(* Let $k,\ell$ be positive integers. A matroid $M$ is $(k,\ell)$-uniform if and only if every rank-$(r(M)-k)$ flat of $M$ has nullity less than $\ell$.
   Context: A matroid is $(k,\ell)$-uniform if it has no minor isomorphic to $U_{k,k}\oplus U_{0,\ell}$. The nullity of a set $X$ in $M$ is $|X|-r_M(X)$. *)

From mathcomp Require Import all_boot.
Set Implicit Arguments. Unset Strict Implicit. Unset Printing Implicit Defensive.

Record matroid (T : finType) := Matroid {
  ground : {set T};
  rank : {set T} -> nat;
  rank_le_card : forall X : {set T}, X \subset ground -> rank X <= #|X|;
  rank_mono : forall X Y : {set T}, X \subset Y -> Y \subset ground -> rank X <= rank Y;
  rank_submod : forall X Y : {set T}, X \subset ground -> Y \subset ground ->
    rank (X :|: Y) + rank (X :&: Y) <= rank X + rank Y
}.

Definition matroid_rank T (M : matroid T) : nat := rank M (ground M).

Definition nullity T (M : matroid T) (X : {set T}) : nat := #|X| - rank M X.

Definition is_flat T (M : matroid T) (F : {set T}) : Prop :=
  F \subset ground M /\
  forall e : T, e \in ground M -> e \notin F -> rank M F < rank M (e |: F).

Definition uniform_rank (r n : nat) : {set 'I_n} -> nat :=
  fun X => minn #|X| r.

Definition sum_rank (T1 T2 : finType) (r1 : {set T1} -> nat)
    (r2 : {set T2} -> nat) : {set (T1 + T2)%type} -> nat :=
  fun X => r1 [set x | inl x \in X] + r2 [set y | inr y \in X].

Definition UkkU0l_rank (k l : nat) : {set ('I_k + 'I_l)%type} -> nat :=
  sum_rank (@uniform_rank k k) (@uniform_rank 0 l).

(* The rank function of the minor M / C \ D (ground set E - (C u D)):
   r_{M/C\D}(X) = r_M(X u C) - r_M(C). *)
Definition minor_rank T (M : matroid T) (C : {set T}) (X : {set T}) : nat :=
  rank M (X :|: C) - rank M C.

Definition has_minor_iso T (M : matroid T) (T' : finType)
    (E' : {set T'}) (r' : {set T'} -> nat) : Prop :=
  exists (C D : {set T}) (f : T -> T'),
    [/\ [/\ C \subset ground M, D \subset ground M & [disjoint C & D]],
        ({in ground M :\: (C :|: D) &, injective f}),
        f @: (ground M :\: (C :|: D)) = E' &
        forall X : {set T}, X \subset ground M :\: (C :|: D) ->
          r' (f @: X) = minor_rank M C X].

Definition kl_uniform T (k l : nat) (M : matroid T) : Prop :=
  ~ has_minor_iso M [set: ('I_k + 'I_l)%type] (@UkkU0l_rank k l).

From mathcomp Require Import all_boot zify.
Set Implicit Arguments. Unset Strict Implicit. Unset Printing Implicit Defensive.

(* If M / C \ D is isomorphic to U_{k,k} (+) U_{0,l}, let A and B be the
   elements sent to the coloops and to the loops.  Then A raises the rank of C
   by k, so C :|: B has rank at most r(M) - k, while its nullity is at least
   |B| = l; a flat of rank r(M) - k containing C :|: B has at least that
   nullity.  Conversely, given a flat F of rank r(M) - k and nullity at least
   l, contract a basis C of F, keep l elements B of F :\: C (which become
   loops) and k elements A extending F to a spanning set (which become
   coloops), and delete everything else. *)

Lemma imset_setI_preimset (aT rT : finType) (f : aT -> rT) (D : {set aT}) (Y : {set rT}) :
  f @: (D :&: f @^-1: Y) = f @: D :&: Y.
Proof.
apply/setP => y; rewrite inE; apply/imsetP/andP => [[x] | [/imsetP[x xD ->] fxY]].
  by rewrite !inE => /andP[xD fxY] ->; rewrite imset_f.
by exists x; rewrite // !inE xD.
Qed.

-=-=-

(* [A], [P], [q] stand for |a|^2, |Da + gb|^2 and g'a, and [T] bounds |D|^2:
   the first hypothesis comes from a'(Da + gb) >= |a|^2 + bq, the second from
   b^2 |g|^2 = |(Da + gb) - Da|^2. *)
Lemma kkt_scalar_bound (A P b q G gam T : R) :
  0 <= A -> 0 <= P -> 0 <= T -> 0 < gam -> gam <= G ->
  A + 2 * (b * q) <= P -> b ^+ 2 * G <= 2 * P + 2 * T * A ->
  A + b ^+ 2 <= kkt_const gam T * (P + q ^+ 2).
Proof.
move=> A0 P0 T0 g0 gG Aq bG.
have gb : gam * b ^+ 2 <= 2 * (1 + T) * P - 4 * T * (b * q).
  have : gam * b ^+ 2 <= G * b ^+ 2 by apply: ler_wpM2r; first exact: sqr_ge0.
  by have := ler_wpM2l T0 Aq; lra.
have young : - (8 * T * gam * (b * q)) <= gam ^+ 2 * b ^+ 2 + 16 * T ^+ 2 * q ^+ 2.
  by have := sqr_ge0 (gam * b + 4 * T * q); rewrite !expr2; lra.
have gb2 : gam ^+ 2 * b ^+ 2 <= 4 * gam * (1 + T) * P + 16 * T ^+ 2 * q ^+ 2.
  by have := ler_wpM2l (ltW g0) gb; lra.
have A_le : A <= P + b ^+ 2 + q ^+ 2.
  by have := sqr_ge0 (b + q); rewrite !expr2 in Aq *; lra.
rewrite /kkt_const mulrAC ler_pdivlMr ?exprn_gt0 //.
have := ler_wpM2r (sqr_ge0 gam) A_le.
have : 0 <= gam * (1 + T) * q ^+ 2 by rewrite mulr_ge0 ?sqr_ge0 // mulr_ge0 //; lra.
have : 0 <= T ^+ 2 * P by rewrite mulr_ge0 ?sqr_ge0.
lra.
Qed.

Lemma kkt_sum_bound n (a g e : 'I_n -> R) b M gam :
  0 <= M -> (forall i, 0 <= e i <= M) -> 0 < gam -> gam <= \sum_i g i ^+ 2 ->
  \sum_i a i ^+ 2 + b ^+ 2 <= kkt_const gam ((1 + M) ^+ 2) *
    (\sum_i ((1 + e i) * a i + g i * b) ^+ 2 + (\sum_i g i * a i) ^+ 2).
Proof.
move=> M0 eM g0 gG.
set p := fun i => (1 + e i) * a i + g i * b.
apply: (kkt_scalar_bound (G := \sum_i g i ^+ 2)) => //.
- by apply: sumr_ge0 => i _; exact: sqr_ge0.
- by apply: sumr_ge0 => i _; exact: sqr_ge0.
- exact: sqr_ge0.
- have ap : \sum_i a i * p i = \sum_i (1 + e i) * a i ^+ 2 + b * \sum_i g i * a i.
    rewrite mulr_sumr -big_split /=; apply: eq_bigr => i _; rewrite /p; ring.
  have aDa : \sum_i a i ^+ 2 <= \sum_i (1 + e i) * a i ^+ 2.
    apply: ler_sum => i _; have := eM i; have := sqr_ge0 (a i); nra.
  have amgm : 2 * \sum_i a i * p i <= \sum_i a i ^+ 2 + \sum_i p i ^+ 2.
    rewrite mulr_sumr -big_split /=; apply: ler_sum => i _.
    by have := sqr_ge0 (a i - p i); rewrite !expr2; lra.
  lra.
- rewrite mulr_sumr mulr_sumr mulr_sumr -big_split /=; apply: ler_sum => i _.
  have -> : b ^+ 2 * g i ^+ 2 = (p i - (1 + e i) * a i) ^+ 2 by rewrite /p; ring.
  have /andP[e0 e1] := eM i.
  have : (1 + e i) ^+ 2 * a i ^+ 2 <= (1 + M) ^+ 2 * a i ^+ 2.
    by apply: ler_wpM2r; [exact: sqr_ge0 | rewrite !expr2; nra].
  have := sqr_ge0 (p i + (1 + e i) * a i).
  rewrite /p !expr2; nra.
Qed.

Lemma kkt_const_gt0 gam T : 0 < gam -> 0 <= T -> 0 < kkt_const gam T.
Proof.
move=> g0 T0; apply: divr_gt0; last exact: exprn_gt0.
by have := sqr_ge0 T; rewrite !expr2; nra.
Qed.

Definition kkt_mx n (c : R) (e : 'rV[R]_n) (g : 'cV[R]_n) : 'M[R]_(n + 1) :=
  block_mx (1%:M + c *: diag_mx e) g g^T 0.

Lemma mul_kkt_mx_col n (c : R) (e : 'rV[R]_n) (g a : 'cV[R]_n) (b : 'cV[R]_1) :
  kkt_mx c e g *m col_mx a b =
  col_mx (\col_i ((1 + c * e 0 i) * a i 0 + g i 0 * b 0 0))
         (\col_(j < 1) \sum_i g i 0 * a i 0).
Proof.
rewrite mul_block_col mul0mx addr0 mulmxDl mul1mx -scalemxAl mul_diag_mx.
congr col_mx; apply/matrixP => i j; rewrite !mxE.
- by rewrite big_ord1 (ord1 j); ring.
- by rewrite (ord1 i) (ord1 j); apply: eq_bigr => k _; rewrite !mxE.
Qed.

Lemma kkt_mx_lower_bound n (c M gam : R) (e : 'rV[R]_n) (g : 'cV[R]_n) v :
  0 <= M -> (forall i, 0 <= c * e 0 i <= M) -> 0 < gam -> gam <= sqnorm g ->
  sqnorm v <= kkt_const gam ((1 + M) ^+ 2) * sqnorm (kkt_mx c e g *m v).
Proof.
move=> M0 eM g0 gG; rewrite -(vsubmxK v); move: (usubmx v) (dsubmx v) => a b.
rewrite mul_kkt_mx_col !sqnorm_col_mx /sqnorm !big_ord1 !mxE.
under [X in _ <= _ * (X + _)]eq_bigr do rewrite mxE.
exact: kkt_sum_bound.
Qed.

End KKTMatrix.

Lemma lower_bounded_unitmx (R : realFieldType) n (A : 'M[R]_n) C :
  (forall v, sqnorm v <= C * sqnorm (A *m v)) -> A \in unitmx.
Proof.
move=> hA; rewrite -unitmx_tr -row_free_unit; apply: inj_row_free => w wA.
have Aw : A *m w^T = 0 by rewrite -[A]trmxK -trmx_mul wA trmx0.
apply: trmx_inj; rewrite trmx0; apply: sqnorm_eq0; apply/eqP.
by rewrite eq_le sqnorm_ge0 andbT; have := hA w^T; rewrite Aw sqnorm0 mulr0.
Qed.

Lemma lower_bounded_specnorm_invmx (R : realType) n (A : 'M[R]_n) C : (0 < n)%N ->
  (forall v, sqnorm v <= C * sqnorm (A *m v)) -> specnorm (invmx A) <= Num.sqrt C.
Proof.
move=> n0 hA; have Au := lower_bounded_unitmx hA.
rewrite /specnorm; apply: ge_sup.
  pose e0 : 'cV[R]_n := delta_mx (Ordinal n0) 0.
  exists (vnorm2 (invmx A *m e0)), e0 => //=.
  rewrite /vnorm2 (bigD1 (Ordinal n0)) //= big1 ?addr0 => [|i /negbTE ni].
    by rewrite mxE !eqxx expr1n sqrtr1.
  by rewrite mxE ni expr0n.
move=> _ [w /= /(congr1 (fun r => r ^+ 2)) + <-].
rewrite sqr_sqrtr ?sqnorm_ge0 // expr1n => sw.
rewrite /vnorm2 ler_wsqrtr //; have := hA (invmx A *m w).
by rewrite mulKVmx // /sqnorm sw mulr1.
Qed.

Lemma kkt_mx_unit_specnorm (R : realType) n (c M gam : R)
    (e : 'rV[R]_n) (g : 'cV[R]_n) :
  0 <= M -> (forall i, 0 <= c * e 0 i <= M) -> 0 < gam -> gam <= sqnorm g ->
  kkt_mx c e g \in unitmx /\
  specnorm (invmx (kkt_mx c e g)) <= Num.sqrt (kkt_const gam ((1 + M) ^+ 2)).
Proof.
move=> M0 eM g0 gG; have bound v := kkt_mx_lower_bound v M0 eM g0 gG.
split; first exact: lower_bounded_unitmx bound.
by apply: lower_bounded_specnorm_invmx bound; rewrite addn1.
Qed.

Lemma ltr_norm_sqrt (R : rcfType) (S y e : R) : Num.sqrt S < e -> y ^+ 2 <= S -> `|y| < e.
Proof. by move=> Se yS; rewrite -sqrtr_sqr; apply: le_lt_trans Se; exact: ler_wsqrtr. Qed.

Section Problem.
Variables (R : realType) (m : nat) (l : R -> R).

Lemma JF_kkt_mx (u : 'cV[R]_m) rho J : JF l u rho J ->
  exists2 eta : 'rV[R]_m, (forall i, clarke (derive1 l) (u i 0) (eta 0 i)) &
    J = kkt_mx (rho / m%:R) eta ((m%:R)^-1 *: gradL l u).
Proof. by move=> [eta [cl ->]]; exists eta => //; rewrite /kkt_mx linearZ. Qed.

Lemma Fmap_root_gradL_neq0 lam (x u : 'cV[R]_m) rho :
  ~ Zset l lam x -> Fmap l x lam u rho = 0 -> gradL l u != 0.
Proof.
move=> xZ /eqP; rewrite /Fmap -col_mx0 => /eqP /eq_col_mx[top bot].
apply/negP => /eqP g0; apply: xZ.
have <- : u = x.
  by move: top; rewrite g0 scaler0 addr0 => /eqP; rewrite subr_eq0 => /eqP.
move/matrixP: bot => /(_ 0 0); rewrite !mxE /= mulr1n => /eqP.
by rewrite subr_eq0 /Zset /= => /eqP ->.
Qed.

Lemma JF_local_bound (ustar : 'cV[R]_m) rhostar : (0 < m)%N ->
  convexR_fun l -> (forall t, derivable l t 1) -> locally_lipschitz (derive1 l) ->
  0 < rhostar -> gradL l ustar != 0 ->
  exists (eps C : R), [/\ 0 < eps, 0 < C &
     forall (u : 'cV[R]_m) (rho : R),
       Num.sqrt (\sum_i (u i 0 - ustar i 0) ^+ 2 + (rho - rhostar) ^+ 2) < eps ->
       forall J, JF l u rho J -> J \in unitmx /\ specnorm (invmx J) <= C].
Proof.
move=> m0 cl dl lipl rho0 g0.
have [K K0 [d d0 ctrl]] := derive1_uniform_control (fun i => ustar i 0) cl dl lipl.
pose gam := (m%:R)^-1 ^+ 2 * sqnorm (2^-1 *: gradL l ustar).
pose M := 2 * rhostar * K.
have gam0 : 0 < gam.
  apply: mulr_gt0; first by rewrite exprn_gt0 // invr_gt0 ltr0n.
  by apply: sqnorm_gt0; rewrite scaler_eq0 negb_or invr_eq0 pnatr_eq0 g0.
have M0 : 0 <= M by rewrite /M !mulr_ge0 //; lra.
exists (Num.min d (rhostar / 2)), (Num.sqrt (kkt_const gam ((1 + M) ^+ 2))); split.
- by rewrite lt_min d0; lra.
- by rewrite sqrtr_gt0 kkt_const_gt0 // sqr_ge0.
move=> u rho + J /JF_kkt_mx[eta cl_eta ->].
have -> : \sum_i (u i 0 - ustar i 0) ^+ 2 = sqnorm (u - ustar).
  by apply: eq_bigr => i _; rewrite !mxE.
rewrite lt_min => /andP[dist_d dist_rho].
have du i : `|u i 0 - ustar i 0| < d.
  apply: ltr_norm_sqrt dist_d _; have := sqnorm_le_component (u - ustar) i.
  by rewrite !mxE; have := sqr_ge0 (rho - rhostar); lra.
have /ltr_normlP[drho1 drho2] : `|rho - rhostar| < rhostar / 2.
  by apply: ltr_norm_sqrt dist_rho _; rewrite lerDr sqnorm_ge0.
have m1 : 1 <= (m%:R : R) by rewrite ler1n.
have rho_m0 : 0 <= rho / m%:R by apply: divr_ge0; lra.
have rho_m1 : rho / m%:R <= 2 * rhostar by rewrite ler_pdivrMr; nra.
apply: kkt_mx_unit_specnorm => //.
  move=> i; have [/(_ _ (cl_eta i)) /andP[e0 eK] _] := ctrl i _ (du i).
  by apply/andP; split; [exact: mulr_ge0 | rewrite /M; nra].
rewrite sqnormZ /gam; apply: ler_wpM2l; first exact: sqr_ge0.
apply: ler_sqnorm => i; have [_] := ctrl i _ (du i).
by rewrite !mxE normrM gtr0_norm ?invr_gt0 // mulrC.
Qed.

-=-=-

The task:
Check each line in the records above for the word "exact". Return those that have it.

Result of the exercise:
  have : gam * b ^+ 2 <= G * b ^+ 2 by apply: ler_wpM2r; first exact: sqr_ge0.
- by apply: sumr_ge0 => i _; exact: sqr_ge0.
- by apply: sumr_ge0 => i _; exact: sqr_ge0.
- exact: sqr_ge0.
    by apply: ler_wpM2r; [exact: sqr_ge0 | rewrite !expr2; nra].
move=> g0 T0; apply: divr_gt0; last exact: exprn_gt0.
exact: kkt_sum_bound.
split; first exact: lower_bounded_unitmx bound.
Proof. by move=> Se yS; rewrite -sqrtr_sqr; apply: le_lt_trans Se; exact: ler_wsqrtr. Qed.
  by apply/andP; split; [exact: mulr_ge0 | rewrite /M; nra].
rewrite sqnormZ /gam; apply: ler_wpM2l; first exact: sqr_ge0.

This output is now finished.